China startup frenzy seen cooling further in 2019

Chinese startups had been flooded with venture capital in the past few years, and the hype contributed to inflating the startup valuation, but it seems the trend has begun to reverse in recent months. In interviews with the Hong Kong Economic Journal, some mainland China-based venture capitalists have sounded the alarm over startups, with one expert saying “winter is coming”, as they believe there will be a wave of startup bankruptcies in 2019.

“[There are many venture capital funds] which don’t have knowledge in technology, or even financing,” said Nisa Leung, managing partner at mainland China-based investment firm Qiming Venture Partners.

She pointed out that numerous venture capital (VC) funds had set up shop in China in the past few years, riding a wave as the Chinese government started actively promoting entrepreneurship and innovation since 2015.

But things have begun to turn sour for some industry players, the venture capital veteran suggested.

There has been a huge flood of venture capital into startups, but the “quality of capital” is varying, said Leung.

She noted that the flood of venture capital has led to unreasonably high valuations of startups in mainland China. But as the Chinese authorities tightened financing in early 2018, the investment activities of VC funds started cooling down. Many newly established VC funds, in fact, have suspended operations or closed down entirely.

Besides less financial backing from VC funds, entrepreneurs of Chinese startups are also facing difficulty in the primary “exit strategy”, going public in the stock market. Leung said the public market is in general conservative, or even reluctant, to invest in highly valued startups’ IPOs — in particular, those with poor quality in their business models and products.

Edith Yeung, who heads the China unit of early-stage venture fund and seed accelerator 500 Startups, agreed there is a bubble in Chinese startups.

Yeung noted that Chinese startups have been taking on valuations that are two to three times larger than those of their US-based peers. “They think the higher valuation is justified as the China market has a larger population.”

According to Leung, in 2018, the valuations of startups focusing on internet and biotech have declined, while those focusing on artificial intelligence (AI) technology have seen valuations fall by as much as 20 percent. She expects the valuations of Chinese startups to continue to drop in 2019, with many of them seen ending up in bankruptcy.

While Chinese startups are used to burning through billions of dollars to tout subsidies and offer incentives to customers, muscling for market share, Yeung said they will be easily caught up in financial troubles if they can’t seek huge financial backing for the cash-burning operations.

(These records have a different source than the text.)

Lemma conj_u_p : u * p * u = q.
Proof.
have [Au uu _ euc _] := polar_e.
have cq : GRing.comm c q := comm_c Aq (comm_sqr_e_q pp qq).
apply/eqP; rewrite -subr_eq0; apply/eqP/cancel_c.
  by apply: (A_sub HA) => //; apply: (A_conj HA).
rewrite mulrBr !mulrA -euc (mule_p pp qq) euc !mulrA -(mulrA _ u u) uu mulr1.
by rewrite cq subrr.
Qed.

Lemma mulu_q : u * q = p * u.
Proof. by have [_ uu _ _ _] := polar_e; rewrite -conj_u_p !mulrA uu mul1r. Qed.

Lemma mulv_p : v * p = (1 - q) * v.
Proof.
have [Av vv _ dsv _] := polar_d.
have s1q : GRing.comm s (1 - q).
  exact: commrB (commr1 s) (comm_s Aq (comm_sqr_e_q pp qq)).
suff vpv : v * p * v = 1 - q by rewrite -vpv -(mulrA _ v v) vv mulr1.
apply/eqP; rewrite -subr_eq0; apply/eqP/cancel_s.
  by apply: (A_sub HA); [apply: (A_conj HA) | apply: (A_sub HA (A_1 HA))].
rewrite mulrBr !mulrA -dsv (muld_p pp qq) dsv !mulrA -(mulrA _ v v) vv mulr1.
by rewrite s1q subrr.
Qed.

Lemma mul_uv_p : u * v * p = (1 - p) * (u * v).
Proof.
have u1q : u * (1 - q) = (1 - p) * u by rewrite mulrBr mulrBl mulr1 mul1r mulu_q.
by rewrite -mulrA mulv_p mulrA u1q -mulrA.
Qed.

Lemma j_eq : j = u * v * (p - (1 - p)).
Proof.
have pw : p * (u * v) = u * v * (1 - p).
  by rewrite mulrBr mulr1 mul_uv_p mulrBl mul1r opprB addrC subrK.
by rewrite -(mulrA p v u) anticomm_u_v mulrN pw [RHS]mulrBr.
Qed.

Lemma exchange_j : j * j = 1 /\ j * p = (1 - p) * j.
Proof.
have [_ uu _ _ _] := polar_e; have [_ vv _ _ _] := polar_d.
have ww : u * v * (u * v) = -1.
  by rewrite mulrA -(mulrA u v u) anticomm_u_v mulrN mulNr mulrA uu mul1r vv.
by rewrite j_eq; apply: exchange_symmetry => //; apply: mul_uv_p.
Qed.

Lemma comm_j x : GRing.comm x u -> GRing.comm x v -> GRing.comm x p ->
  GRing.comm x j.
Proof.
by move=> xu xv xp; apply: commrD; apply: commrM => //; apply: commrM.
Qed.

Lemma q_decomp : q = c * c * p + c * s * j + s * s * (1 - p).
Proof.
rewrite {1}(idem_decomp pp qq) -sqr_c mul_e_d j_eq !mulrA.
by case: Hs => _ ->.
Qed.

Lemma commute_pq_decomp a : A a -> GRing.comm a p -> GRing.comm a q ->
  exists b, Ccom A c b /\ b = b * p /\ b = p * b /\ a = b + j * b * j.
Proof.
move=> Aa ap aq; have [_ _ u_e _ _] := polar_e; have [_ _ v_d _ _] := polar_d.
have [jj jp] := exchange_j.
have ae : GRing.comm a e := commrB ap (commrB (commr1 a) aq).
have ad : GRing.comm a d := commrB ap aq.
have ca : GRing.comm c a := comm_c Aa (commr_sym (commrM ae ae)).
have ja : GRing.comm a j.
  by apply: comm_j => //; apply/commr_sym; [apply: (u_e a) | apply: (v_d a)].
have cp : GRing.comm c p := comm_c Ap (comm_sqr_e_p pp qq).
exists (a * p); split; first by split; [apply: (A_mulC HA) | apply: commrM].
split; first by rewrite -mulrA pp.
split; first by rewrite mulrA -ap -mulrA pp.
rewrite [j * (a * p)]mulrA -ja -(mulrA a j p) -(mulrA a) (conj_exchange jj jp).
by rewrite mulrBr mulr1 addrC subrK.
Qed.

Lemma decomp_commute_pq b : Ccom A c b -> b = b * p -> b = p * b ->
  GRing.comm (b + j * b * j) p /\ GRing.comm (b + j * b * j) q.
Proof.
move=> [Ab cb] bp pb; have [jj jp] := exchange_j.
have [uc us vc vs] := comm_uv_cs.
have cp : GRing.comm c p := comm_c Ap (comm_sqr_e_p pp qq).
have sp : GRing.comm s p := comm_s Ap (comm_sqr_e_p pp qq).
have sb : GRing.comm s b.
  by apply: comm_s Ab _; rewrite -sqr_c; apply/commr_sym/commrM; apply: commr_sym.
have cj : GRing.comm c j by apply: comm_j; apply: commr_sym.
have sj : GRing.comm s j by apply: comm_j; apply: commr_sym.
have p_b' := comm_p_exchange_sum jj jp (esym pb) (esym bp).
have j_b' := comm_exchange_sum jj b.
have comm_b' x : GRing.comm x b -> GRing.comm x j -> GRing.comm x (b + j * b * j).
  by move=> xb xj; apply: commrD => //; apply: commrM => //; apply: commrM.
set b' := b + j * b * j in p_b' j_b' comm_b' *.
have b'c := commr_sym (comm_b' c cb cj).
have b's := commr_sym (comm_b' s sb sj).
have b'p := commr_sym p_b'.
split; rewrite // q_decomp.
exact: commrD (commrD (commrM (commrM b'c b'c) b'p) (commrM (commrM b'c b's)
  (commr_sym j_b'))) (commrM (commrM b's b's) (commrB (commr1 b') b'p)).
Qed.

End GenericPosition.

Theorem theorem8p4 (K : realType) (E : algType K) (A pos : E -> Prop)
  (HA : synaptic A pos) (p q : E) (Hp : proj A p) (Hq : proj A q)
  (g1 : proj_meet A pos p q 0) (g2 : proj_meet A pos p (1 - q) 0)
  (g3 : proj_meet A pos (1 - p) q 0) (g4 : proj_meet A pos (1 - p) (1 - q) 0)
  (c u v : E)
  (Hc : is_sqrt pos (p * q * p + (1 - p) * (1 - q) * (1 - p)) c)
  (Hu : is_polar_symmetry A pos (p - (1 - q)) u)
  (Hv : is_polar_symmetry A pos (p - q) v) :
  let j := u * v * p + p * v * u in
  forall a : E, A a ->
    ((a * p = p * a /\ a * q = q * a) <->
     exists b : E, Ccom A c b /\ b = b * p /\ b = p * b /\ a = b + j * b * j).
Proof.
move=> j a Aa.
have [s [ps [_ ss]]] := sa5 HA (sa2 HA (A_d HA Hp Hq)).
have Hs : is_sqrt pos ((p - q) * (p - q)) s by [].
split=> [[ap aq] | [b [cb [bp [pb ->]]]]].
- exact: (commute_pq_decomp HA Hp Hq g1 g2 g3 g4 Hc Hs Hu Hv Aa ap aq).
- exact: (decomp_commute_pq HA Hp Hq g1 g2 g3 g4 Hc Hs Hu Hv cb bp pb).
Qed.
(* For every $n\in\mathbb{N}$ and every $l\in\{0,\ldots,n-1\}$ the polynomials $A_n^l$ defined in the context satisfy the two-step recurrence $$A_{n+1}^{l}=\frac{n+1}{2(n-l+1)(n+l+2)}\Big[\big((2n+3)\mathbf{x}+(2n+1)\overline{\mathbf{x}}\big)A_{n}^{l}-2n\,\mathbf{x}\overline{\mathbf{x}}\,A_{n-1}^{l}\Big],$$ and for every $l\in\mathbb{N}_0$, $$A_{l+1}^{l}=\tfrac14\big[(2l+3)\mathbf{x}+(2l+1)\overline{\mathbf{x}}\big]A_{l}^{l},\qquad A_{l}^{l}=(x_1-x_2\mathbf{e}_3)^l .$$
   Context: $\mathbb{H}$: real quaternions with basis $\mathbf{e}_0=1,\mathbf{e}_1,\mathbf{e}_2,\mathbf{e}_3$, $\mathbf{e}_i\mathbf{e}_j+\mathbf{e}_j\mathbf{e}_i=-2\delta_{ij}$ ($i,j=1,2,3$), $\mathbf{e}_1\mathbf{e}_2=\mathbf{e}_3$. A point $(x_0,x_1,x_2)\in\mathbb{R}^3$ is identified with $\mathbf{x}=x_0+x_1\mathbf{e}_1+x_2\mathbf{e}_2$, and $\overline{\mathbf{x}}=x_0-x_1\mathbf{e}_1-x_2\mathbf{e}_2$. Spherical coordinates: $x_0=r\cos\theta$, $x_1=r\sin\theta\cos\varphi$, $x_2=r\sin\theta\sin\varphi$. Let $P_k$ be the Legendre polynomials and $P_k^m(t)=(1-t^2)^{m/2}\frac{d^m}{dt^m}P_k(t)$ (no Condon–Shortley phase; $P_k^m=0$ for $m>k$). For $n\in\mathbb{N}_0$, $0\le m\le n+1$ put $$\mathcal{A}^{m,n}(\theta)=\tfrac12\Big(\sin^2\theta\,\tfrac{d}{dt}[P_{n+1}^m(t)]_{t=\cos\theta}+(n+1)\cos\theta\,P_{n+1}^m(\cos\theta)\Big).$$ For $n\in\mathbb{N}_0$, $l=0,\ldots,n$ define $$A_n^l(\mathbf{x})=\frac{2^{l+1}n!\,r^n}{(n+l+2)!}\Big[(n+l+2)\mathcal{A}^{l,n}(\theta)\big(\cos l\varphi-\sin l\varphi\,\mathbf{e}_3\big)+\mathcal{A}^{l+1,n}(\theta)\big(\cos((l+1)\varphi)\,\mathbf{e}_1+\sin((l+1)\varphi)\,\mathbf{e}_2\big)\Big],$$ a homogeneous polynomial of degree $n$ in $x_0,x_1,x_2$. *)

From HB Require Import structures.
From mathcomp Require Import all_boot all_order all_algebra.
From mathcomp Require Import all_classical all_reals.
From mathcomp Require Import topology normedtype derive trigo.
Set Implicit Arguments. Unset Strict Implicit. Unset Printing Implicit Defensive.
Import Order.TTheory GRing.Theory Num.Theory numFieldNormedType.Exports.
Local Open Scope ring_scope.

Section Defs.
Variable R : realType.

Record quat := Quat { q0 : R; q1 : R; q2 : R; q3 : R }.

Definition qadd (p q : quat) : quat :=
  Quat (q0 p + q0 q) (q1 p + q1 q) (q2 p + q2 q) (q3 p + q3 q).

Definition qsub (p q : quat) : quat :=
  Quat (q0 p - q0 q) (q1 p - q1 q) (q2 p - q2 q) (q3 p - q3 q).

Definition qscale (c : R) (q : quat) : quat :=
  Quat (c * q0 q) (c * q1 q) (c * q2 q) (c * q3 q).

To buttress his argument, the industry expert pointed to the woes of the cash-strapped Chinese bike-sharing startups as an example.

In mid-December, millions of users of Chinese bike-sharing giant ofo demanded a refund of their deposits, as the firm has been contending with disputes over unpaid debt and rumors of mass layoffs.

Amid escalating trade tensions between China and the United States, the US Justice Department’s antitrust division, the Federal Communications Commission and the Committee on Foreign Investment in the US, or CFIUS, has toughened scrutiny on acquisitions of American businesses by foreign buyers.

In addition, Yeung said that under the tightened review process, mainland China-based VC funds, as well as Chinese enterprises and startups, find it much more difficult to invest in high-tech startups in the US, especially in areas like AI, robotics, and autonomous driving, which makes it impossible for Chinese companies to acquire new technology through investment.

According to a survey released by accounting firm PricewaterhouseCoopers’s China unit in October,  41 percent of the Chinese startups see the problem in capital and financial backing as the biggest crisis they are facing.

This article appeared in the Hong Kong Economic Journal on Jan 2

Translation by Ben Ng 

[Chinese version 中文版]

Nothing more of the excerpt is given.